Available data section start

(* The string rewriting system $L$ over the alphabet $\{i,0_2,0_3,\lhd,\rhd\}$ with the seven rules $0_2\rhd\to\rhd$, $0_2 i\rhd\to 0_3 i i\rhd$, $0_2 ii\to i0_2$, $i0_3\to 0_3 iii$, $0_20_3\to 0_30_2$, $\lhd i\to\lhd 0_2$, $\lhd 0_3\to \lhd 0_2 i$ is terminating if and only if for every $n\in\mathbb{N}^+$ the trajectory $n,\tau(n),\tau^2(n),\dots$ contains $1$, where $\tau(n)=n/2$ for even $n$ and $\tau(n)=(3n+1)/2$ for odd $n$ (equivalently, iff the Collatz conjecture holds).
   Context: An SRS induces the rewrite relation $u\ell v\to urv$ for each rule $\ell\to r$; it is terminating if no infinite rewrite sequence exists. (Intended reading: $i(x)=x+1$, $0_2(x)=2x$, $0_3(x)=3x$, $\lhd(x)=1$, $\rhd(x)=x$, a string $\lhd d_1\cdots d_k\rhd$ representing $d_k(\cdots d_1(1))$.) *)

From Stdlib Require Import List Arith PeanoNat.
Import ListNotations.

Inductive sym : Type := Si | S02 | S03 | Sl | Sr.

Definition srs := list (list sym * list sym).

Definition rewrite_step (R : srs) (s t : list sym) : Prop :=
  exists (u v l r : list sym), In (l, r) R /\ s = u ++ l ++ v /\ t = u ++ r ++ v.

Definition terminating (R : srs) : Prop :=
  ~ exists f : nat -> list sym, forall k, rewrite_step R (f k) (f (S k)).

Definition L_srs : srs :=
  [ ([S02; Sr], [Sr]);
    ([S02; Si; Sr], [S03; Si; Si; Sr]);
    ([S02; Si; Si], [Si; S02]);
    ([Si; S03], [S03; Si; Si; Si]);
    ([S02; S03], [S03; S02]);
    ([Sl; Si], [Sl; S02]);
    ([Sl; S03], [Sl; S02; Si]) ].

Definition tau (n : nat) : nat :=
  if Nat.even n then n / 2 else (3 * n + 1) / 2.

Definition collatz_conjecture : Prop :=
  forall n : nat, 1 <= n -> exists k : nat, Nat.iter k tau n = 1.

(* A string  ◁ d_1 ... d_k ▷  over the digits i, 0_2, 0_3 encodes the number
   d_k(...d_1(1)...) with i(x) = x+1, 0_2(x) = 2x, 0_3(x) = 3x.

   Let p(m) be the Collatz stopping time of m, so
   p(tau m) < p m for m >= 2.  Reading a string from left to right with a small
   automaton, every ▷ is charged p(n) when preceded by an encoding ◁ w of n,
   and otherwise the number of 0_2's read since the previous ▷.  The two rules
   acting at ▷ strictly decrease the total charge; the five others preserve it
   and strictly decrease a linear interpretation of the letters.  The pair of
   measures decreases lexicographically, which forbids infinite reductions.

   If the trajectory of n avoids 1, the string
   ◁ i^(n-1) ▷ admits an infinite reduction: repeatedly a 0_2 is created next
   to ◁, travels right through the digits and performs a Collatz step at ▷;
   every intermediate string still encodes a point of the trajectory of n. *)

From Stdlib Require Import List Arith PeanoNat Lia Wellfounded ConstructiveEpsilon.
From Stdlib Require Import Classical IndefiniteDescription.
Import ListNotations.

Lemma step_rule (R : srs) (l r v : list sym) :
  In (l, r) R -> rewrite_step R (l ++ v) (r ++ v).
Proof. intros H. exists [], v, l, r. auto. Qed.

Lemma step_cons (R : srs) (a : sym) (s t : list sym) :
  rewrite_step R s t -> rewrite_step R (a :: s) (a :: t).
Proof.
  intros (u & v & l & r & Hin & -> & ->). exists (a :: u), v, l, r. auto.
Qed.

Lemma no_infinite_descent {A : Type} (lt : A -> A -> Prop) :
  well_founded lt -> ~ exists f : nat -> A, forall k, lt (f (S k)) (f k).
Proof.
  intros Hwf [f Hf].
  assert (Hnot : forall a k, f k = a -> False).
  { intros a. induction a as [a IH] using (well_founded_ind Hwf).
    intros k <-. exact (IH _ (Hf k) (S k) eq_refl). }
  exact (Hnot (f 0) 0 eq_refl).
Qed.

Lemma terminating_of_measure {A : Type} (R : srs) (lt : A -> A -> Prop)
    (mu : list sym -> A) :
  well_founded lt -> (forall s t, rewrite_step R s t -> lt (mu t) (mu s)) ->
  terminating R.
Proof.
  intros Hwf Hdec [f Hf]. apply (no_infinite_descent lt Hwf).
  exists (fun k => mu (f k)). intros k. apply Hdec, Hf.
Qed.

Lemma not_terminating_of_invariant (R : srs) (P : list sym -> Prop) (s0 : list sym) :
  P s0 -> (forall s, P s -> exists t, rewrite_step R s t /\ P t) -> ~ terminating R.
Proof.
  intros H0 Hnext T.
  pose (next := fun x : {s | P s} =>
          let (t, Ht) := constructive_indefinite_description _ (Hnext _ (proj2_sig x))
          in exist P t (proj2 Ht)).
  assert (Hstep : forall x, rewrite_step R (proj1_sig x) (proj1_sig (next x))).
  { intros x. unfold next.
    destruct (constructive_indefinite_description _ _) as [t Ht]. exact (proj1 Ht). }
  apply T. exists (fun k => proj1_sig (Nat.iter k next (exist P s0 H0))).
  intros k. rewrite Nat.iter_succ. apply Hstep.
Qed.

Lemma tau_even (x : nat) : tau (2 * x) = x.
Proof.
  unfold tau. rewrite Nat.even_mul. cbn [Nat.even orb].
  rewrite Nat.mul_comm. apply Nat.div_mul. lia.
Qed.

Lemma tau_odd (x : nat) : tau (2 * x + 1) = 3 * x + 2.
Proof.
  unfold tau. rewrite Nat.even_add, Nat.even_mul. cbn [Nat.even orb Bool.eqb].
  replace (3 * (2 * x + 1) + 1) with ((3 * x + 2) * 2) by lia.
  apply Nat.div_mul. lia.
Qed.

(* Under the Collatz conjecture the stopping time is a potential that strictly
   decreases along the Collatz map above 1. *)
Lemma collatz_potential :
  collatz_conjecture -> exists p : nat -> nat, forall m, 2 <= m -> p (tau m) < p m.
Proof.
  intros Hc.
  pose (reaches m k := m <= 1 \/ Nat.iter k tau m = 1).
  assert (Hdec : forall m k, {reaches m k} + {~ reaches m k}).
  { intros m k. destruct (le_dec m 1), (Nat.eq_dec (Nat.iter k tau m) 1);
      unfold reaches; tauto. }
  assert (Hex : forall m, exists k, reaches m k).
  { intros m. destruct (le_dec m 1) as [Hle|Hgt].
    - exists 0. now left.
    - destruct (Hc m) as [k Hk]; [lia|]. exists k. now right. }
  exists (fun m => proj1_sig (epsilon_smallest _ (Hdec m) (Hex m))).
  intros m Hm.
  destruct (epsilon_smallest _ (Hdec m) (Hex m)) as [k Hk].
  destruct (epsilon_smallest _ (Hdec (tau m)) (Hex (tau m))) as [k' Hk']. simpl.
  destruct Hk as [Hk _], Hk' as [_ Hmin].
  destruct Hk as [Hk | Hk]; [lia|].
  destruct k as [|k]; [simpl in Hk; lia|].
  rewrite Nat.iter_succ_r in Hk.
  assert (k' <= k) by (apply Hmin; now right). lia.
Qed.

(** * Collatz implies termination *)

(* State of the left-to-right reading automaton.  [Free c]: no ◁ since the last
   ▷, and c letters 0_2 read since then.  [Anchored w]: the digits read since
   the last ◁ encode the number w + 1. *)
Inductive mode := Free (c : nat) | Anchored (w : nat).

Definition mode_step (m : mode) (x : sym) : mode :=
  match x, m with
  | Si, Free c => Free c
  | Si, Anchored w => Anchored (S w)
  | S02, Free c => Free (S c)
  | S02, Anchored w => Anchored (2 * w + 1)
  | S03, Free c => Free c
  | S03, Anchored w => Anchored (3 * w + 2)
  | Sl, _ => Anchored 0
  | Sr, _ => Free 0
  end.

Definition mode_after (m : mode) (s : list sym) : mode := fold_left mode_step s m.

(* Linear interpretation of the letters (a composition of strictly monotone
   maps), used to order the rules that do not touch ▷. *)
Definition letter_interp (x : nat) (a : sym) : nat :=
  match a with Si => x + 2 | S02 => x + 1 | S03 => 4 * x | Sl => x + 2 | Sr => x + 1 end.

Definition interp (x : nat) (s : list sym) : nat := fold_left letter_interp s x.

Lemma interp_mono (s : list sym) (x y : nat) : x < y -> interp x s < interp y s.
Proof.
  revert x y. induction s as [|a s IH]; intros x y H; [exact H|].
  apply IH. destruct a; simpl; lia.
Qed.

Section CollatzTermination.

Variable p : nat -> nat.
Hypothesis p_decreases : forall m, 2 <= m -> p (tau m) < p m.

Definition charge (m : mode) (x : sym) : nat :=
  match x, m with
  | Sr, Free c => c
  | Sr, Anchored w => p (S w)
  | _, _ => 0
  end.

Fixpoint weight (m : mode) (s : list sym) : nat :=
  match s with
  | [] => 0
  | x :: s' => charge m x + weight (mode_step m x) s'
  end.

Lemma weight_app (m : mode) (s1 s2 : list sym) :
  weight m (s1 ++ s2) = weight m s1 + weight (mode_after m s1) s2.
Proof.
  revert m. induction s1 as [|x s1 IH]; intros m; simpl; [reflexivity|].
  rewrite IH. lia.
Qed.

Lemma rule_decreases (l r : list sym) : In (l, r) L_srs -> forall m,
  mode_after m r = mode_after m l /\
  (weight m r < weight m l \/
   (weight m r = weight m l /\ forall x, interp x r < interp x l)).
Proof.
  intros Hin m. simpl in Hin.
  destruct Hin as [E|[E|[E|[E|[E|[E|[E|[]]]]]]]]; injection E as <- <-;
    destruct m as [c|w]; unfold mode_after, interp; simpl;
    (split; [first [reflexivity | f_equal; lia] |]);
    try (right; split; [reflexivity | intros; lia]);
    left; try lia.
  (* What remains are the rules at ▷ after an encoding of n = w + 1, where the
     charge goes from p(2n) to p(n), resp. from p(2n+1) to p(3n+2). *)
  - pose proof (p_decreases (2 * S w)) as H. rewrite tau_even in H.
    replace (S (w + (w + 0) + 1)) with (2 * S w) by lia. lia.
  - pose proof (p_decreases (2 * S w + 1)) as H. rewrite tau_odd in H.
    replace (S (S (w + (w + 0) + 1))) with (2 * S w + 1) by lia.
    replace (S (S (S (w + (w + (w + 0)) + 2)))) with (3 * S w + 2) by lia. lia.
Qed.

Definition measure (s : list sym) : nat * nat := (weight (Free 0) s, interp 0 s).

Lemma step_decreases (s t : list sym) : rewrite_step L_srs s t ->
  Relation_Operators.slexprod nat nat lt lt (measure t) (measure s).
Proof.
  intros (u & v & l & r & Hin & -> & ->). unfold measure.
  rewrite !weight_app. unfold interp. rewrite !fold_left_app.
  set (m := mode_after (Free 0) u).
  destruct (rule_decreases l r Hin m) as [Hmode [Hw | [Hw Hi]]];
    rewrite Hmode.
  - apply Relation_Operators.left_slex. lia.
  - rewrite Hw. apply Relation_Operators.right_slex, interp_mono, Hi.
Qed.

End CollatzTermination.

Lemma terminating_of_collatz : collatz_conjecture -> terminating L_srs.
Proof.
  intros Hc. destruct (collatz_potential Hc) as [p Hp].
  apply (terminating_of_measure L_srs (Relation_Operators.slexprod nat nat lt lt)
           (measure p)).
  - apply wf_slexprod; apply lt_wf.
  - apply step_decreases, Hp.
Qed.

(** * Termination implies Collatz *)

Definition digit (a : sym) : Prop :=
  match a with Si | S02 | S03 => True | Sl | Sr => False end.

Definition digits (w : list sym) : Prop := Forall digit w.

Definition digit_value (v : nat) (a : sym) : nat :=
  match a with Si => S v | S02 => 2 * v | S03 => 3 * v | Sl | Sr => v end.

Definition value (v : nat) (w : list sym) : nat := fold_left digit_value w v.

Lemma value_repeat (m v : nat) : value v (repeat Si m) = v + m.
Proof.
  revert v. induction m as [|m IH]; intros v; simpl; [lia|].
  rewrite IH. lia.
Qed.

Definition tracks (w' w : list sym) : Prop :=
  (forall v, value v w' = value v w) \/ (forall v, value v w' = tau (value v w)).

Lemma tracks_cons (a : sym) (w' w : list sym) : tracks w' w -> tracks (a :: w') (a :: w).
Proof. intros [H | H]; [left | right]; intros v; apply H. Qed.

Definition marker_moves (rest : list sym) : Prop :=
  exists w', digits w' /\ rewrite_step L_srs (S02 :: rest ++ [Sr]) (w' ++ [Sr]) /\
             tracks w' (S02 :: rest).

Ltac rule_in := simpl; tauto.
Ltac digits_ok := repeat (constructor; simpl; auto).

(* Proved jointly for [rest] and [Si :: rest], since the marker may jump over
   one i. *)
Lemma marker_moves_digits (rest : list sym) :
  digits rest -> marker_moves rest /\ marker_moves (Si :: rest).
Proof.
  induction rest as [|a rest IH]; intros Hd.
  - split.
    + exists []. split; [constructor|]. split.
      * apply (step_rule _ [S02; Sr] [Sr] []). rule_in.
      * right. intros v. symmetry. apply tau_even.
    + exists [S03; Si; Si]. split; [digits_ok|]. split.
      * apply (step_rule _ [S02; Si; Sr] [S03; Si; Si; Sr] []). rule_in.
      * right. intros v. unfold value. simpl.
        replace (S (v + (v + 0))) with (2 * v + 1) by lia. rewrite tau_odd. lia.
  - inversion Hd as [|? ? Ha Hrest]; subst.
    destruct (IH Hrest) as [[w'' (Hd'' & Hstep & Htr)] Hsi].
    destruct a; simpl in Ha; try contradiction; split; try exact Hsi.
    + exists (Si :: S02 :: rest). split; [digits_ok|]. split.
      * apply (step_rule _ [S02; Si; Si] [Si; S02] (rest ++ [Sr])). rule_in.
      * left. intros v. unfold value. simpl. f_equal. lia.
    + exists (S02 :: w''). split; [digits_ok|]. split.
      * apply step_cons, Hstep.
      * apply tracks_cons, Htr.
    + exists (S02 :: Si :: w''). split; [digits_ok|]. split.
      * apply step_cons, step_cons, Hstep.
      * apply tracks_cons, tracks_cons, Htr.
    + exists (S03 :: S02 :: rest). split; [digits_ok|]. split.
      * apply (step_rule _ [S02; S03] [S03; S02] (rest ++ [Sr])). rule_in.
      * left. intros v. unfold value. simpl. f_equal. lia.
    + exists (S02 :: S03 :: Si :: Si :: Si :: rest). split; [digits_ok|]. split.
      * apply step_cons, (step_rule _ [Si; S03] [S03; Si; Si; Si] (rest ++ [Sr])).
        rule_in.
      * left. intros v. unfold value. simpl. f_equal. lia.
Qed.

Lemma anchored_step (w : list sym) : digits w -> w <> [] ->
  exists w', digits w' /\ rewrite_step L_srs (Sl :: w ++ [Sr]) (Sl :: w' ++ [Sr]) /\
             (value 1 w' = value 1 w \/ value 1 w' = tau (value 1 w)).
Proof.
  intros Hd Hne. destruct w as [|a rest]; [congruence|].
  inversion Hd as [|? ? Ha Hrest]; subst.
  destruct a; simpl in Ha; try contradiction.
  - exists (S02 :: rest). split; [digits_ok|]. split.
    + apply (step_rule _ [Sl; Si] [Sl; S02] (rest ++ [Sr])). rule_in.
    + now left.
  - destruct (marker_moves_digits rest Hrest) as [(w' & Hd' & Hstep & Htr) _].
    exists w'. split; [exact Hd'|]. split.
    + apply step_cons, Hstep.
    + destruct Htr as [H | H]; [left | right]; apply H.
  - exists (S02 :: Si :: rest). split; [digits_ok|]. split.
    + apply (step_rule _ [Sl; S03] [Sl; S02; Si] (rest ++ [Sr])). rule_in.
    + now left.
Qed.

Definition encodes_orbit (n : nat) (s : list sym) : Prop :=
  exists w k, digits w /\ s = Sl :: w ++ [Sr] /\ value 1 w = Nat.iter k tau n.

Lemma collatz_of_terminating : terminating L_srs -> collatz_conjecture.
Proof.
  intros T n Hn. apply NNPP. intros Hdiverges.
  apply (not_terminating_of_invariant L_srs (encodes_orbit n)
           (Sl :: repeat Si (n - 1) ++ [Sr])); [| | exact T].
  - exists (repeat Si (n - 1)), 0. split; [apply Forall_forall|split; [reflexivity|]].
    + intros x Hx. apply repeat_spec in Hx. now subst.
    + rewrite value_repeat. simpl. lia.
  - intros s (w & k & Hd & -> & Hv).
    assert (Hne : w <> []).
    { intros ->. apply Hdiverges. exists k. now rewrite <- Hv. }
    destruct (anchored_step w Hd Hne) as (w' & Hd' & Hstep & [Hsame | Htau]).
    + exists (Sl :: w' ++ [Sr]). split; [exact Hstep|]. exists w', k. now rewrite Hsame.
    + exists (Sl :: w' ++ [Sr]). split; [exact Hstep|]. exists w', (S k).
      rewrite Nat.iter_succ, Htau, Hv. auto.
Qed.

Theorem mainTheorem8 : terminating L_srs <-> collatz_conjecture.
Proof.
  split.
  - exact collatz_of_terminating.
  - exact terminating_of_collatz.
Qed.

Available data section end

# Exercise details
Each line in the entries above, starting at the line with "rewrite Nat.iter_succ_r in Hk." and ending at the line with "(* State of", is to be printed exactly, and only those lines.

# Exercise response
  rewrite Nat.iter_succ_r in Hk.
  assert (k' <= k) by (apply Hmin; now right). lia.
Qed.

(** * Collatz implies termination *)

(* State of the left-to-right reading automaton.  [Free c]: no ◁ since the last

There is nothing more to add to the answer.